• Instructions to follow:
Only a number is wanted here: the count of lines in the entries below that contain the word "change".

• Information given:
Lemma picard_limit_fixpoint x :
  picard_limit x = y0 + RInt (fun t => F t (picard_limit t)) c (I x).
Proof.
  apply Rminus_diag_uniq, Rabs_eq_0, Rle_antisym; [| apply Rabs_pos].
  apply (le_0_of_le_geometric _ (2 * (M * d))). intros n.
  replace (picard_limit x - (y0 + RInt (fun t => F t (picard_limit t)) c (I x)))
    with ((picard_limit x - picard_iter (S n) x)
          + (RInt (fun t => F t (picard_iter n t)) c (I x)
             - RInt (fun t => F t (picard_limit t)) c (I x))) by (simpl; ring).
  set (e := M * d * (/ 2) ^ n).
  assert (He : 0 <= e).
  { apply Rmult_le_pos; [apply Rmult_le_pos; [exact M_ge0 | lra] | apply pow_le; lra]. }
  assert (H1 : Rabs (picard_limit x - picard_iter (S n) x) <= e).
  { replace e with (2 * (M * d) * (/ 2) ^ S n) by (unfold e; simpl; field).
    apply picard_limit_error. }
  assert (H2 : Rabs (RInt (fun t => F t (picard_iter n t)) c (I x)
                     - RInt (fun t => F t (picard_limit t)) c (I x)) <= e).
  { eapply Rle_trans;
      [apply (RInt_lipschitz_bound _ _ x (2 * e) (picard_iter_continuous n)
                picard_limit_continuous) |].
    - intros s. rewrite <- Rabs_Ropp, Ropp_minus_distr.
      replace (2 * e) with (2 * (M * d) * (/ 2) ^ n) by (unfold e; ring).
      apply picard_limit_error.
    - replace (d * (K * (2 * e))) with (K * d * (2 * e)) by ring.
      apply Rle_trans with (/ 2 * (2 * e)); [apply Rmult_le_compat_r |]; lra. }
  replace (2 * (M * d) * (/ 2) ^ n) with (2 * e) by (unfold e; ring).
  eapply Rle_trans; [apply Rabs_triang | lra].
Qed.

Lemma picard_limit_init : picard_limit c = y0.
Proof.
  rewrite picard_limit_fixpoint.
  replace (I c) with c by (symmetry; apply clamp_id; lra).
  rewrite RInt_point. apply Rplus_0_r.
Qed.

Lemma picard_limit_derive x :
  Rabs (x - c) < d -> is_derive picard_limit x (F x (picard_limit x)).
Proof.
  intros Hx. set (f := fun t => F t (picard_limit t)).
  assert (Hint : is_derive (fun y => y0 + RInt f c y) x (f x)).
  { replace (f x) with (0 + f x) by ring.
    apply (is_derive_plus (fun _ => y0));
      [apply (is_derive_const (K := R_AbsRing) (V := R_NormedModule)) |].
    apply (is_derive_RInt (V := R_CompleteNormedModule) f (RInt f c) c x).
    - apply filter_forall. intros b. apply (RInt_correct (V := R_CompleteNormedModule)).
      apply ex_RInt_continuous_R. intros; now apply integrand_continuous.
    - now apply integrand_continuous. }
  apply is_derive_ext_loc with (2 := Hint).
  assert (Hr : 0 < d - Rabs (x - c)) by lra.
  exists (mkposreal _ Hr). intros y Hy. change (Rabs (y - x) < d - Rabs (x - c)) in Hy.
  assert (Hyc : Rabs (y - c) <= d).
  { replace (y - c) with ((y - x) + (x - c)) by ring. eapply Rle_trans; [apply Rabs_triang | lra]. }
  rewrite (picard_limit_fixpoint y). unfold I.
  now rewrite (clamp_id _ _ y) by now apply Rabs_le_between'.
Qed.

End Picard.

Lemma picard_local_existence (F : R -> R -> R) c y0 M K d :
  (forall y t, continuous (fun s => F s y) t) ->
  (forall t y, Rabs (F t y) <= M) ->
  (forall t y z, Rabs (F t y - F t z) <= K * Rabs (y - z)) ->
  0 < d -> K * d <= / 2 ->
  exists g : R -> R, g c = y0 /\
    (forall x, Rabs (x - c) < d -> is_derive g x (F x (g x))) /\
    (forall x, Rabs (g x - y0) <= M * Rabs (x - c)).
Proof.
  intros HFc HFb HFl Hd HKd. exists (picard_limit F c y0 d).
  split; [| split].
  - now apply picard_limit_init with M K.
  - intros x Hx. now apply picard_limit_derive with M K.
  - intros x. rewrite <- (picard_limit_init F c y0 M K d) at 2 by assumption.
    now apply picard_limit_lipschitz with K.
Qed.

Section FilterlimR.
Context {T : Type} {F : (T -> Prop) -> Prop} {FF : Filter F}.

Lemma filterlim_Rplus (f g : T -> R) lf lg :
  filterlim f F (locally lf) -> filterlim g F (locally lg) ->
  filterlim (fun x => f x + g x) F (locally (lf + lg)).
Proof.
  intros Hf Hg.
  exact (filterlim_comp_2 f g Rplus Hf Hg
           (filterlim_plus (K := R_AbsRing) (V := R_NormedModule) lf lg)).
Qed.

Lemma filterlim_Rmult (f g : T -> R) lf lg :
  filterlim f F (locally lf) -> filterlim g F (locally lg) ->
  filterlim (fun x => f x * g x) F (locally (lf * lg)).
Proof.
  intros Hf Hg. exact (filterlim_comp_2 f g Rmult Hf Hg (filterlim_mult (K := R_AbsRing) lf lg)).
Qed.

Lemma filterlim_Rminus (f g : T -> R) lf lg :
  filterlim f F (locally lf) -> filterlim g F (locally lg) ->
  filterlim (fun x => f x - g x) F (locally (lf - lg)).
Proof.
  intros Hf Hg. apply filterlim_Rplus; [exact Hf |].
  exact (filterlim_comp _ _ _ g Ropp F (locally lg) _ Hg
           (filterlim_opp (K := R_AbsRing) (V := R_NormedModule) lg)).
Qed.

End FilterlimR.

Lemma continuous_at_left (f : R -> R) a :
  continuous f a -> filterlim f (at_left a) (locally (f a)).
Proof.
  intros Hf. apply filterlim_filter_le_1 with (2 := Hf).
  intros P [e He]. exists e. intros y Hy _. now apply He.
Qed.

Lemma nonincreasing_left_limit (w : R -> R) a b B : a < b ->
  (forall x y, a < x -> x <= y -> y < b -> w y <= w x) ->
  (forall x, a < x < b -> B <= w x) ->
  exists l, filterlim w (at_left b) (locally l).
Proof.
  intros Hab Hdec HB.
  set (E := fun y => exists x, a < x < b /\ y = - w x).
  assert (HEub : bound E) by (exists (- B); intros y [x [Hx ->]]; pose proof (HB x Hx); lra).
  assert (HEne : exists y, E y)
    by (exists (- w ((a + b) / 2)); exists ((a + b) / 2); split; [lra | easy]).
  destruct (completeness E HEub HEne) as [m [Hub Hlub]].
  exists (- m). apply filterlim_locally. intros eps.
  assert (Hx1 : exists x1, a < x1 < b /\ m - eps < - w x1).
  { apply NNPP. intros Hn.
    assert (m <= m - eps); [| pose proof (cond_pos eps); lra].
    apply Hlub. intros y [x [Hx ->]]. apply Rnot_lt_le. intros Hc. apply Hn. now exists x. }
  destruct Hx1 as [x1 [Hx1 Hw1]].
  assert (Hr : 0 < b - x1) by lra.
  exists (mkposreal _ Hr). intros y Hy Hyb. change (Rabs (y - b) < b - x1) in Hy.
  change (Rabs (w y - - m) < eps).
  assert (x1 < y) by (unfold Rabs in Hy; destruct Rcase_abs; lra).
  assert (w y <= w x1) by (apply Hdec; lra).
  assert (- w y <= m) by (apply Hub; exists y; split; [lra | easy]).
  unfold Rabs; destruct Rcase_abs; lra.
Qed.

• Exercise output:
3